John Disney (26 December 1677 – 3 February 1729/30) was an English clergyman. He was Vicar of Croft and Kirkby-on-Bain, Lincolnshire from 1719 to 1722, and Vicar of St. Mary's Church, Nottingham from 2 October 1722 to 1729/30.

He was the first of four John Disneys; father of John Disney of Lincoln, grandfather of John Disney (1746–1816), and great-grandfather of John Disney (1779–1857) the barrister and antiquarian.

==Life==
He was born in Lincoln, the son of Daniel Disney of Swinderby. He began his education at Lincoln Grammar School, but his parents were dissenters and he moved school to a private college, also in Lincoln. Despite his upbringing, he was confirmed in the Church of England, sometime before 1698. In May of that year, he married Mary Woolhouse. He entered the Middle Temple in order to study law, but with no intention of practising at the bar. He gained sufficient knowledge to act as a competent magistrate and more than once was publicly complimented by the judges of the circuit for being efficient and impartial.

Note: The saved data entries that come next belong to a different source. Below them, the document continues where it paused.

(* Let $k\ge 2$ be an integer. The class of finite simple graphs admitting a closed neighborhood balanced $k$-coloring is not hereditary; that is, there exist a graph $H$ admitting a closed neighborhood balanced $k$-coloring and an induced subgraph of $H$ that admits no closed neighborhood balanced $k$-coloring.
   Context: For a vertex $v$ of a graph $G$, $N[v]=\{v\}\cup\{u : uv\in E(G)\}$ is its closed neighborhood. For an integer $k\ge 2$, a closed neighborhood balanced $k$-coloring of $G$ is a map $c: V(G)\to\{1,2,\dots,k\}$ such that for every vertex $v$ the numbers $|\{u\in N[v] : c(u)=i\}|$, $i=1,\dots,k$, are all equal. A class of graphs is hereditary if it is closed under taking induced subgraphs. *)

From mathcomp Require Import all_boot.
Set Implicit Arguments. Unset Strict Implicit. Unset Printing Implicit Defensive.

Definition simple_graph (T : finType) (e : rel T) : Prop :=
  symmetric e /\ irreflexive e.

Definition cnbhd (T : finType) (e : rel T) (S : {set T}) (v : T) : {set T} :=
  [set u in S | (u == v) || e v u].

(* c is a closed neighborhood balanced k-coloring of the subgraph induced by S
   (colors of vertices outside S are irrelevant). *)
Definition cnb_coloring (k : nat) (T : finType) (e : rel T) (S : {set T})
  (c : T -> 'I_k) : Prop :=
  forall v, v \in S -> forall i j : 'I_k,
    #|[set u in cnbhd e S v | c u == i]| = #|[set u in cnbhd e S v | c u == j]|.

Definition has_cnb_coloring (k : nat) (T : finType) (e : rel T) (S : {set T}) : Prop :=
  exists c : T -> 'I_k, cnb_coloring e S c.

From mathcomp Require Import all_boot.
Set Implicit Arguments. Unset Strict Implicit. Unset Printing Implicit Defensive.

(* The colour classes of a closed neighbourhood partition it into k parts of
   equal size, one of which contains the centre; so a closed neighbourhood
   has at least k vertices.  The complete graph on k vertices, coloured
   injectively, meets this bound everywhere, while its one-vertex induced
   subgraph violates it as soon as k >= 2. *)

Section BalancedColoring.

Variables (k : nat) (T : finType) (e : rel T) (S : {set T}) (c : T -> 'I_k).
Hypothesis balanced : cnb_coloring e S c.

Lemma card_cnbhd_balanced v (i : 'I_k) : v \in S ->
  #|cnbhd e S v| = k * #|[set u in cnbhd e S v | c u == i]|.
Proof.
move=> Sv; rewrite -sum1_card (partition_big c predT) //=.
rewrite -[k in k * _]card_ord -sum_nat_const; apply: eq_bigr => j _.
by rewrite -(balanced Sv j i) -sum1_card; apply: eq_bigl => u; rewrite inE.
Qed.

Lemma balanced_cnbhd_min v : v \in S -> k <= #|cnbhd e S v|.
Proof.
move=> Sv; rewrite (card_cnbhd_balanced (c v) Sv) leq_pmulr // card_gt0.
by apply/set0Pn; exists v; rewrite !inE Sv !eqxx.
Qed.

End BalancedColoring.

Lemma cnbhd_set1 (T : finType) (e : rel T) (v : T) : cnbhd e [set v] v = [set v].
Proof. by apply/setP => u; rewrite !inE andb_idr // => /eqP ->; rewrite eqxx. Qed.

Lemma no_cnb_coloring_set1 k (T : finType) (e : rel T) (v : T) :
  2 <= k -> ~ has_cnb_coloring k e [set v].
Proof.
move=> k_ge2 [c balanced].
have := balanced_cnbhd_min balanced (set11 v).
by rewrite cnbhd_set1 cards1 leqNgt k_ge2.
Qed.

Definition complete_rel (T : finType) : rel T := fun x y => x != y.

Lemma complete_simple_graph (T : finType) : simple_graph (@complete_rel T).
Proof. by split=> [x y | x]; rewrite /complete_rel; [rewrite eq_sym | rewrite eqxx]. Qed.

Lemma cnb_coloring_complete_id k : cnb_coloring (@complete_rel 'I_k) [set: 'I_k] id.
Proof.
move=> v _ i j.
have color_class l : [set u in cnbhd (@complete_rel 'I_k) [set: 'I_k] v | u == l] = [set l].
  by apply/setP => u; rewrite !inE /complete_rel [v == u]eq_sym orbN.
by rewrite !color_class !cards1.
Qed.

Theorem corollary2p7 (k : nat) (hk : 2 <= k) :
  exists (T : finType) (e : rel T),
    simple_graph e /\ has_cnb_coloring k e [set: T] /\
    exists S : {set T}, ~ has_cnb_coloring k e S.
Proof.
have v : 'I_k := Ordinal hk.
exists 'I_k, (@complete_rel 'I_k); split; first exact: complete_simple_graph.
split; first by exists id; apply: cnb_coloring_complete_id.
by exists [set v]; apply: no_cnb_coloring_set1.
Qed.
(* Let $K\in\mathbb N$, let $(p_0,\dots,p_K)$ be a probability vector with all $p_j>0$, and for $u\in[0,1)$ and $j\in\{0,\dots,K\}$ let $a_j(u),b_j(u)$ satisfy $0\le a_j(u)\le a_j(u)+b_j(u)\le1$ with $j\mapsto(a_j(u),b_j(u))$ injective for each $u$; let $S_j(u)x=a_j(u)+b_j(u)x$. Assume moreover that for every $z\in[0,1]$ and every $i$, the function $u\mapsto S_i(u)z$ is right-continuous and nondecreasing on $[0,1)$, and that $\Theta_0:[0,1)\to[0,1]$ is right-continuous and nondecreasing. Let $(B_t)_{t\in\mathbb N}$ be IID with $P(B_1=j)=p_j$, define $\Theta_t(u)=a_{B_t}(u)+b_{B_t}(u)\Theta_{t-1}(u)$ for $u\in[0,1)$, $t\ge1$, and extend each $\Theta_t$ to a CDF on $\mathbb R$ by $\Theta_t(u)=0$ for $u<0$ and $\Theta_t(u)=1$ for $u\ge1$. Let $N_{t,j}=|\{1\le s\le t:B_s=j\}|$. Then the distribution of the random CDFs $\Theta_t(\cdot)$ converges as $t\to\infty$ to the distribution of the random CDF $$\tilde\Theta_\infty(u)=\begin{cases}0,&u<0,\\ \sum_{s=1}^\infty a_{B_s}(u)\prod_{i=0}^K b_i^{N_{s-1,i}}(u),&u\in[0,1),\\ 1,&u\ge1.\end{cases}$$
   Context: Convention: $0^0=1$. *)

From HB Require Import structures.
From mathcomp Require Import all_boot all_order all_algebra.
From mathcomp Require Import all_classical all_reals all_analysis.
Set Implicit Arguments. Unset Strict Implicit. Unset Printing Implicit Defensive.
Import Order.TTheory GRing.Theory Num.Theory.
Import numFieldNormedType.Exports.
Local Open Scope classical_set_scope.
Local Open Scope ring_scope.

(* Indexing convention: the paper's B_t (t = 1,2,...) is [B (t-1)] here,
   i.e. B : nat -> Omega -> 'I_K.+1 and B s is the paper's B_{s+1}. *)

Definition iid_seq {R : realType} {d : measure_display} {Omega : measurableType d}
  (P : probability Omega R) (K : nat) (B : nat -> Omega -> 'I_K.+1)
  (p : 'I_K.+1 -> R) : Prop :=
  (forall n j, measurable [set w | B n w = j]) /\
  (forall (s : seq nat) (v : nat -> 'I_K.+1), uniq s ->
     P [set w | forall i, i \in s -> B i w = v i] = (\prod_(i <- s) p (v i))%:E).

Fixpoint theta_iter {R : realType} {Omega : Type} {K : nat}
  (a b : 'I_K.+1 -> R -> R) (th0 : R -> R) (B : nat -> Omega -> 'I_K.+1)
  (t : nat) (w : Omega) (u : R) : R :=
  match t with
  | 0 => th0 u
  | t'.+1 => a (B t' w) u + b (B t' w) u * theta_iter a b th0 B t' w u
  end.

Definition Theta {R : realType} {Omega : Type} {K : nat}
  (a b : 'I_K.+1 -> R -> R) (th0 : R -> R) (B : nat -> Omega -> 'I_K.+1)
  (t : nat) (w : Omega) (u : R) : R :=
  if u < 0 then 0 else if 1 <= u then 1 else theta_iter a b th0 B t w u.

Definition Ncount {Omega : Type} {K : nat} (B : nat -> Omega -> 'I_K.+1)
  (t : nat) (i : 'I_K.+1) (w : Omega) : nat :=
  \sum_(r < t) (B r w == i).

Definition ThetaInf {R : realType} {Omega : Type} {K : nat}
  (a b : 'I_K.+1 -> R -> R) (B : nat -> Omega -> 'I_K.+1)
  (w : Omega) (u : R) : R :=
  if u < 0 then 0 else if 1 <= u then 1 else
  limn (series (fun r => a (B r w) u * \prod_(i < K.+1) b i u ^+ Ncount B r i w)).
(* As $P_1P_2P_3$ ranges over all 3-periodics of $\mathcal{E}$, the Mittenpunkt $X_9^\dagger$ of the focus-inversive triangle moves along the circle with center and radius \[C_9^\dagger=\left(-c\left(1+\frac{\rho^2}{2b^2}\right),\,0\right),\qquad R_9^\dagger=\rho^2\,\frac{2a^2-b^2-\delta}{2ab^2}.\] Moreover, the inversion of $C_9^\dagger$ in the circle of radius $\rho$ centered at $f_1$ is $\left(-\frac{a^2+b^2}{c},0\right)$.
   Context: Let $a>b>0$ and let $\mathcal{E}$ be the ellipse $x^2/a^2+y^2/b^2=1$ (the elliptic billiard). Set $c=\sqrt{a^2-b^2}$, $\delta=\sqrt{a^4-a^2b^2+b^4}$, and let the foci be $f_1=(-c,0)$, $f_2=(c,0)$. A 3-periodic is a triangle $P_1P_2P_3$ with vertices on $\mathcal{E}$ such that at each vertex the normal to $\mathcal{E}$ bisects the angle formed by the two sides meeting at that vertex; these form a one-parameter family (there is one through every point of $\mathcal{E}$). Fix $\rho>0$. The focus-inversive triangle of a 3-periodic $P_1P_2P_3$ is the triangle with vertices $P_i^\dagger=f_1+(\rho/d_{1,i})^2(P_i-f_1)$, where $d_{1,i}=|P_i-f_1|$, i.e. the inversions of the $P_i$ in the circle of radius $\rho$ centered at $f_1$. The Mittenpunkt $X_9$ of a triangle is the point of concurrence of the lines joining each excenter to the midpoint of the corresponding side (equivalently, the point with barycentric coordinates $a_s(s-a_s):b_s(s-b_s):c_s(s-c_s)$, where $a_s,b_s,c_s$ are the side lengths and $s$ the semiperimeter). *)

From Stdlib Require Import Reals.
Open Scope R_scope.

Definition pt : Type := (R * R)%type.

Definition edist (p q : pt) : R :=
  sqrt ((fst p - fst q) ^ 2 + (snd p - snd q) ^ 2).

Definition on_ellipse (a b : R) (p : pt) : Prop :=
  (fst p) ^ 2 / a ^ 2 + (snd p) ^ 2 / b ^ 2 = 1.

(* At vertex P with neighbours Q and R, the normal to the ellipse at P,
   direction (x/a^2, y/b^2), is parallel to the internal angle bisector
   u + v, where u, v are the unit vectors from P towards Q and R. *)
Definition normal_bisects (a b : R) (P Q S : pt) : Prop :=
  let ux := (fst Q - fst P) / edist P Q in
  let uy := (snd Q - snd P) / edist P Q in
  let vx := (fst S - fst P) / edist P S in
  let vy := (snd S - snd P) / edist P S in
  (ux + vx) * (snd P / b ^ 2) - (uy + vy) * (fst P / a ^ 2) = 0.

Definition three_periodic (a b : R) (P1 P2 P3 : pt) : Prop :=
  P1 <> P2 /\ P2 <> P3 /\ P1 <> P3 /\
  on_ellipse a b P1 /\ on_ellipse a b P2 /\ on_ellipse a b P3 /\
  normal_bisects a b P1 P2 P3 /\
  normal_bisects a b P2 P3 P1 /\
  normal_bisects a b P3 P1 P2.

Definition cfoc (a b : R) : R := sqrt (a ^ 2 - b ^ 2).
Definition delta (a b : R) : R := sqrt (a ^ 4 - a ^ 2 * b ^ 2 + b ^ 4).
Definition f1 (a b : R) : pt := (- cfoc a b, 0).

Definition focus_inv (a b rho : R) (P : pt) : pt :=
  let d := edist P (f1 a b) in
  (fst (f1 a b) + (rho / d) ^ 2 * (fst P - fst (f1 a b)),
   snd (f1 a b) + (rho / d) ^ 2 * (snd P - snd (f1 a b))).

(* Mittenpunkt X9 via barycentrics a_s(s-a_s) : b_s(s-b_s) : c_s(s-c_s). *)
Definition mittenpunkt (A B C : pt) : pt :=
  let la := edist B C in
  let lb := edist C A in
  let lc := edist A B in
  let s := (la + lb + lc) / 2 in
  let wa := la * (s - la) in
  let wb := lb * (s - lb) in
  let wc := lc * (s - lc) in
  let w := wa + wb + wc in
  ((wa * fst A + wb * fst B + wc * fst C) / w,
   (wa * snd A + wb * snd B + wc * snd C) / w).

Definition C9dag (a b rho : R) : pt :=
  (- cfoc a b * (1 + rho ^ 2 / (2 * b ^ 2)), 0).

Definition R9dag (a b rho : R) : R :=
  rho ^ 2 * (2 * a ^ 2 - b ^ 2 - delta a b) / (2 * a * b ^ 2).

(* Normalize the ellipse to the unit circle by (x, y) |-> (x/a, y/b).
   The reflection law at a vertex says that Joachimsthal's quantity
   (ellipse_form P Q - 1) / |PQ| is the same for both chords at that vertex,
   hence common to the three sides of a 3-periodic. In the normalized picture
   the three chords are then pairwise "conjugate" for one quadratic form, and
   closure of the triangle forces the common value to be -j, where j > 0
   solves j^4 c^4 + 2 j^2 (a^2 + b^2) = 3 (one caustic for all 3-periodics).
   With m = j c, each vertex is described by the parameter u = x / (j a^2):
   its focal distance, the opposite side, the sides of the inverted triangle
   and the powers of the inverted vertices with respect to C9dag are explicit
   rational functions of m and u, and the parameters of the other two
   vertices satisfy Vieta relations in u. Writing the Mittenpunkt as the
   weighted centroid with weights l (s - l) reduces the claim to a balance
   identity between these rational functions, checked through a symmetric-
   function certificate. *)

From Stdlib Require Import Reals Rgeom Lra Psatz.
Open Scope R_scope.

Lemma sq_pos x : x <> 0 -> 0 < x ^ 2.
Proof. intro h. pose proof (Rsqr_pos_lt x h). unfold Rsqr in *. nra. Qed.

Lemma sq_eq_zero x : x ^ 2 = 0 -> x = 0.
Proof. intro h. destruct (Req_dec x 0) as [e | e]; [exact e |]. pose proof (sq_pos x e). lra. Qed.
(* For any graph $G$ and any bipartite graph $H$ in which all vertex degrees are odd, $\alpha_{\mathrm{od}}(\mu[G,H])\ge \frac12|H|\cdot\alpha_{\mathrm{od}}(G\,\Box\,K_2)$.
   Context: For graphs $G$ and $H$, $\mu[G,H]$ is the graph obtained by replacing each vertex $w\in V(H)$ with a copy $G_w$ of $G$ and, for every edge $w_1w_2\in E(H)$, adding the perfect matching between $G_{w_1}$ and $G_{w_2}$ joining the two copies of each vertex of $G$. $G\,\Box\,K_2$ is the Cartesian product of $G$ with an edge (two copies of $G$ with a perfect matching between corresponding vertices). An odd independent set in a graph $F=(V,E)$ is an independent set $S$ such that every $v\in V\setminus S$ has either no neighbor or an odd number of neighbors in $S$; $\alpha_{\mathrm{od}}(F)$ is the maximum size of such a set. $|H|$ is the number of vertices. *)

From mathcomp Require Import all_boot.
Set Implicit Arguments. Unset Strict Implicit. Unset Printing Implicit Defensive.

Definition simple_graph (T : finType) (e : rel T) : Prop :=
  symmetric e /\ irreflexive e.

Definition nbrs_in (T : finType) (e : rel T) (S : {set T}) (v : T) : {set T} :=
  [set u in S | e v u].

Definition odd_indep (T : finType) (e : rel T) (S : {set T}) : bool :=
  [forall x in S, forall y in S, ~~ e x y] &&
  [forall v in ~: S, (#|nbrs_in e S v| == 0) || odd #|nbrs_in e S v|].

Definition alpha_od (T : finType) (e : rel T) : nat :=
  \max_(S : {set T} | odd_indep e S) #|S|.

(* mu[G,H]: vertex (u,w) is the copy of u in G_w; edges inside each copy,
   and matching edges (u,w1)-(u,w2) for every edge w1w2 of H *)
Definition mu_rel (VG VH : finType) (eG : rel VG) (eH : rel VH) : rel (VG * VH) :=
  fun p q => ((p.2 == q.2) && eG p.1 q.1) || ((p.1 == q.1) && eH p.2 q.2).

Definition box_rel (VG VF : finType) (eG : rel VG) (eF : rel VF) : rel (VG * VF) :=
  fun p q => ((p.2 == q.2) && eG p.1 q.1) || ((p.1 == q.1) && eF p.2 q.2).

Definition K2_rel : rel bool := fun a b => a != b.

Definition bipartite (T : finType) (e : rel T) : Prop :=
  exists c : T -> bool, forall x y, e x y -> c x != c y.

Definition deg (T : finType) (e : rel T) (v : T) : nat := #|[set u | e v u]|.

From mathcomp Require Import all_boot.
Set Implicit Arguments. Unset Strict Implicit. Unset Printing Implicit Defensive.

(* Let c be a proper 2-colouring of H. The map (u, w) |-> (u, c w) is a
   homomorphism from mu[G,H] to G □ K_2, and every neighbour (u', b) of the
   image of a vertex (u, w) has an odd number of preimages among the
   neighbours of (u, w): one if b = c w, and deg_H w if b <> c w. Under such a
   map the preimage of an odd independent set is odd independent, as every
   neighbour count becomes a sum of as many odd numbers. For an optimal odd
   independent set S of G □ K_2, the preimages of S under the maps defined by
   c and by ~~ c have |H| |S| vertices together, so one has at least
   |H| |S| / 2 of them. *)

Lemma odd_sum_odd (I : finType) (A : {pred I}) (F : I -> nat) :
  (forall i, i \in A -> odd (F i)) -> odd (\sum_(i in A) F i) = odd #|A|.
Proof.
move=> oddF; rewrite -sum1_card.
by elim/big_rec2: _ => // i m n /oddF oddFi; rewrite !oddD oddFi => ->.
Qed.

Lemma card_sum_mem (T : finType) (A : {set T}) : #|A| = \sum_x (x \in A).
Proof. by rewrite -sum1_card big_mkcond /=; apply: eq_bigr => x _; case: (x \in A). Qed.

Lemma odd_indep0 (T : finType) (e : rel T) : odd_indep e set0.
Proof.
apply/andP; split; apply/forallP => x; apply/implyP; rewrite ?inE //= => _.
suff -> : nbrs_in e set0 x = set0 by rewrite cards0.
by apply/setP => y; rewrite !inE.
Qed.

Lemma alpha_od_attained (T : finType) (e : rel T) :
  exists2 S : {set T}, odd_indep e S & alpha_od e = #|S|.
Proof.
have [|S oiS max_S] := @eq_bigmax_cond _ (odd_indep e) (fun S => #|S|).
  by apply/card_gt0P; exists set0; apply: odd_indep0.
by exists S.
Qed.

Section OddPreimage.
Variables (T T' : finType) (e : rel T) (e' : rel T') (f : T -> T').

Definition fibre_nbrs (x : T) (y' : T') : {set T} := [set y | e x y & f y == y'].

Hypothesis f_hom : forall x y, e x y -> e' (f x) (f y).
Hypothesis odd_fibre_nbrs : forall x y', e' (f x) y' -> odd #|fibre_nbrs x y'|.

Lemma card_nbrs_in_preimset (S : {set T'}) (x : T) :
  #|nbrs_in e (f @^-1: S) x| = \sum_(y' in nbrs_in e' S (f x)) #|fibre_nbrs x y'|.
Proof.
rewrite -sum1_card (partition_big f (mem (nbrs_in e' S (f x)))) /=; last first.
  by move=> y; rewrite !inE => /andP[Sy /f_hom ->]; rewrite andbT.
apply: eq_bigr => y' /[!inE] /andP[Sy' _]; rewrite -sum1dep_card.
by apply: eq_bigl => y; rewrite !inE; case: eqP => [->|]; rewrite ?Sy' ?andbF.
Qed.

Lemma odd_indep_preimset (S : {set T'}) :
  odd_indep e' S -> odd_indep e (f @^-1: S).
Proof.
case/andP=> /forallP indepS /forallP parityS; apply/andP; split.
  apply/forallP => x; apply/implyP; rewrite inE => Sfx.
  apply/forallP => y; apply/implyP; rewrite inE => Sfy.
  move: (indepS (f x)) => /implyP/(_ Sfx)/forallP/(_ (f y))/implyP/(_ Sfy).
  exact: contra (@f_hom x y).
apply/forallP => x; apply/implyP; rewrite !inE => Sfx.
have := parityS (f x); rewrite inE Sfx /= card_nbrs_in_preimset.
have fibre_odd y' : y' \in nbrs_in e' S (f x) -> odd #|fibre_nbrs x y'|.
  by rewrite inE => /andP[_ /odd_fibre_nbrs].
rewrite sum_nat_eq0 odd_sum_odd //.
case/orP=> [/eqP/card0_eq noS | ->]; last exact: orbT.
by apply/orP; left; apply/forall_inP => y'; rewrite noS.
Qed.

End OddPreimage.

Definition colour_map (VG VH : finType) (c : VH -> bool) (p : VG * VH) : VG * bool :=
  (p.1, c p.2).

Lemma card_colour_preimsets (VG VH : finType) (c : VH -> bool) (S : {set VG * bool}) :
  #|colour_map c @^-1: S| + #|colour_map (negb \o c) @^-1: S| = #|VH| * #|S|.
Proof.
have sliceE u w : ((u, c w) \in S) + ((u, ~~ c w) \in S) = \sum_b ((u, b) \in S).
  by rewrite big_bool; case: (c w); rewrite // addnC.
rewrite !card_sum_mem -big_split /=.
rewrite (eq_bigr (fun p => \sum_b ((p.1, b) \in S))); last first.
  by move=> [u w] _; rewrite !inE sliceE.
rewrite -(pair_bigA _ (fun u _ => \sum_b ((u, b) \in S))) exchange_big /=.
rewrite (eq_bigr (fun=> \sum_x (x \in S))); last first.
  by move=> w _; rewrite pair_bigA; apply: eq_bigr => -[].
by rewrite sum_nat_const cardT mulnC.
Qed.

Section ColourMap.
Variables (VG VH : finType) (eG : rel VG) (eH : rel VH) (c : VH -> bool).
Hypothesis eG_irr : irreflexive eG.
Hypothesis c_proper : forall w w', eH w w' -> c w != c w'.

Lemma colour_map_hom x y :
  mu_rel eG eH x y -> box_rel eG K2_rel (colour_map c x) (colour_map c y).
Proof.
case: x y => [u w] [v z]; rewrite /mu_rel /box_rel /K2_rel /=.
case/orP=> /andP[/eqP <- e_uv]; first by rewrite eqxx e_uv.
by rewrite eqxx c_proper ?orbT.
Qed.

Lemma odd_fibre_nbrs_colour_map :
  (forall w, odd (deg eH w)) -> forall x y',
  box_rel eG K2_rel (colour_map c x) y' ->
  odd #|fibre_nbrs (mu_rel eG eH) (colour_map c) x y'|.
Proof.
move=> deg_odd [u w] [u' b]; rewrite /box_rel /K2_rel /=.
case/orP=> [/andP[/eqP <- e_uu'] | /andP[/eqP <- cw_b]].
  suff -> : fibre_nbrs (mu_rel eG eH) (colour_map c) (u, w) (u', c w) = [set (u', w)].
    by rewrite cards1.
  apply/setP=> -[v z]; rewrite !inE /mu_rel /colour_map /= !xpair_eqE.
  case: (eqVneq v u') => [-> | _]; last by rewrite !andbF.
  have /negPf -> : u != u' by apply: contraTneq e_uu' => ->; rewrite eG_irr.
  by rewrite e_uu' andbT; case: (eqVneq w z) => [-> | ]; rewrite ?eqxx // eq_sym => /negPf ->.
suff -> : fibre_nbrs (mu_rel eG eH) (colour_map c) (u, w) (u, b) =
          setX [set u] [set z | eH w z] by rewrite cardsX cards1 mul1n deg_odd.
apply/setP=> -[v z]; rewrite !inE /mu_rel /colour_map /= !xpair_eqE.
case: (eqVneq u v) => [<- | ]; last by rewrite andbF.
rewrite eG_irr andbF /=; case e_wz: (eH w z); rewrite ?andbT //.
by move: (c_proper e_wz) cw_b; case: (c w); case: (c z); case: b.
Qed.

End ColourMap.

Theorem theorem4 (VG VH : finType) (eG : rel VG) (eH : rel VH) :
  simple_graph eG -> simple_graph eH ->
  bipartite eH -> (forall w : VH, odd (deg eH w)) ->
  #|VH| * alpha_od (box_rel eG K2_rel) <= 2 * alpha_od (mu_rel eG eH).
Proof.
move=> [_ eG_irr] _ [c c_proper] deg_odd.
have [S oiS ->] := alpha_od_attained (box_rel eG K2_rel).
have oi_preimset (c' : VH -> bool) : (forall w w', eH w w' -> c' w != c' w') ->
    odd_indep (mu_rel eG eH) (colour_map c' @^-1: S).
  move=> c'_proper; apply: odd_indep_preimset oiS.
    exact: colour_map_hom.
  exact: odd_fibre_nbrs_colour_map.
have nc_proper w w' : eH w w' -> (negb \o c) w != (negb \o c) w'.
  by rewrite /= (inj_eq negb_inj); apply: c_proper.
rewrite -(card_colour_preimsets c S) mul2n -addnn.
by rewrite leq_add // leq_bigmax_cond // oi_preimset.
Qed.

As a supporter of the Societies for the Reformation of Manners, he was working on a publication Corpus Legum de Moribus Reformandis shortly before his death. It was published in 1729 as A View of Ancient Laws, against Immorality and Profaneness: Under the following Heads; Lewdness; Profane Swearing, Cursing, and Blasphemy; Perjury; Prophanation of Days devoted to Religion; Contempt or Neglect of Divine Service; Drunkenness; Gaming; Idleness, Vagrancy, and Begging; Stage-Plays and Players; and Duelling. Collected from the Jewish, Roman, Greek, Gothic, Lombard, and other laws, down to the middle of the eleventh century (Cambridge: Printed for Corn. Crownfield, Printer to the University; and John Crownfield, at the Rising-Sun in St. Pauls Church-Yard; and are also sold by J. and J. Knapton).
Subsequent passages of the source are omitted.